(* The partial order $\unlhd$ on $(\mathbb{M}_{\mathrm{GHP}},d_{\mathrm{GHP}})$ is closed, i.e. its graph $\{(\mathcal{X},\mathcal{X}'):\mathcal{X}\unlhd\mathcal{X}'\}$ is closed in $\mathbb{M}_{\mathrm{GHP}}\times\mathbb{M}_{\mathrm{GHP}}$; equivalently, if $\mathcal{X}_n\to\mathcal{X}_\infty$, $\mathcal{X}'_n\to\mathcal{X}'_\infty$ and $\mathcal{X}_n\unlhd\mathcal{X}'_n$ for all $n$, then $\mathcal{X}_\infty\unlhd\mathcal{X}'_\infty$.
   Context: $\mathbb{M}_{\mathrm{GHP}}$ is the space of measure-preserving isometry classes of compact metric spaces with a finite Borel measure, with the Gromov--Hausdorff--Prokhorov metric $d_{\mathrm{GHP}}$ (infimum over common isometric embeddings of Hausdorff distance of images plus Prokhorov distance of pushed-forward measures). $[X,d,\mu]\unlhd[X',d',\mu']$ means there is a surjective map $\phi:X'\to X$ with $d(\phi(x'),\phi(y'))\le d'(x',y')$ for all $x',y'\in X'$ and $\mu(A)\le\mu'(\phi^{-1}(A))$ for all Borel $A\subset X$. *)

From HB Require Import structures.
From mathcomp Require Import all_boot all_order all_algebra.
From mathcomp Require Import all_classical all_reals all_analysis.
Set Implicit Arguments. Unset Strict Implicit. Unset Printing Implicit Defensive.
Import Order.TTheory GRing.Theory Num.Theory numFieldNormedType.Exports.
Local Open Scope classical_set_scope.
Local Open Scope ring_scope.

Record metric_space (R : realType) := MetricSpace {
  ms_car :> Type;
  ms_dist : ms_car -> ms_car -> R;
  ms_dist_eq0 : forall x y, ms_dist x y = 0 <-> x = y;
  ms_dist_sym : forall x y, ms_dist x y = ms_dist y x;
  ms_dist_tri : forall x y z, ms_dist x z <= ms_dist x y + ms_dist y z }.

§ Aim of the exercise: I need every line of the material that includes "Open", so please copy them out.

§ Result of the exercise:
Local Open Scope classical_set_scope.
Local Open Scope ring_scope.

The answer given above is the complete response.